INPUT DATA =>
Lemma T_op_contraction D r g h m : is_partition a c N D -> (1 <= r)%nat ->
  (forall y, a <= y <= c -> Rabs (g y - h y) <= m) ->
  forall x, a <= x <= c ->
  Rabs (T_op N D f b alpha r g x - T_op N D f b alpha r h x) <= s * m.
Proof.
  intros HD Hr Hgh x Hx.
  destruct (seg_index_spec a c N D HD x Hx) as [Hi Hseg].
  pose proof (Q_map_range a c N D HD _ x Hi Hseg) as Hq.
  rewrite !T_op_glue. unfold glue, T_summand.
  set (i := seg_index N D x) in *. set (q := Q_map N D i x) in *.
  replace (f x + alpha i r q * (g q - b r q) - (f x + alpha i r q * (h q - b r q)))
    with (alpha i r q * (g q - h q)) by ring.
  rewrite Rabs_mult.
  apply Rmult_le_compat; [apply Rabs_pos | apply Rabs_pos | |].
  - exact (Halpha_bound i r Hi Hr q Hq).
  - exact (Hgh q Hq).
Qed.

Lemma iterT_contraction D n k g h m : is_partition a c N D -> (1 <= k)%nat ->
  (forall y, a <= y <= c -> Rabs (g y - h y) <= m) ->
  forall x, a <= x <= c ->
  Rabs (iterT N D f b alpha k n g x - iterT N D f b alpha k n h x) <= s ^ n * m.
Proof.
  intros HD. revert k. induction n as [| n IH]; intros k Hk Hgh x Hx; simpl.
  - rewrite Rmult_1_l. exact (Hgh x Hx).
  - rewrite Rmult_assoc. apply (T_op_contraction D k); [exact HD | exact Hk | | exact Hx].
    intros y Hy. apply IH; [lia | exact Hgh | exact Hy].
Qed.

Lemma iterT_in_Cf D n k g : is_partition a c N D -> (1 <= k)%nat -> in_Cf a c f g ->
  in_Cf a c f (iterT N D f b alpha k n g).
Proof.
  intros HD. revert k. induction n as [| n IH]; intros k Hk Hg; simpl; [exact Hg |].
  apply T_op_in_Cf; [exact HD | exact Hk | apply IH; [lia | exact Hg]].
Qed.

WHAT YOU WILL DO => Every line above holding the string "exact" should be listed.

PROBLEM SOLUTION =>
  - exact (Halpha_bound i r Hi Hr q Hq).
  - exact (Hgh q Hq).
  - rewrite Rmult_1_l. exact (Hgh x Hx).
  - rewrite Rmult_assoc. apply (T_op_contraction D k); [exact HD | exact Hk | | exact Hx].
    intros y Hy. apply IH; [lia | exact Hgh | exact Hy].
  intros HD. revert k. induction n as [| n IH]; intros k Hk Hg; simpl; [exact Hg |].
  apply T_op_in_Cf; [exact HD | exact Hk | apply IH; [lia | exact Hg]].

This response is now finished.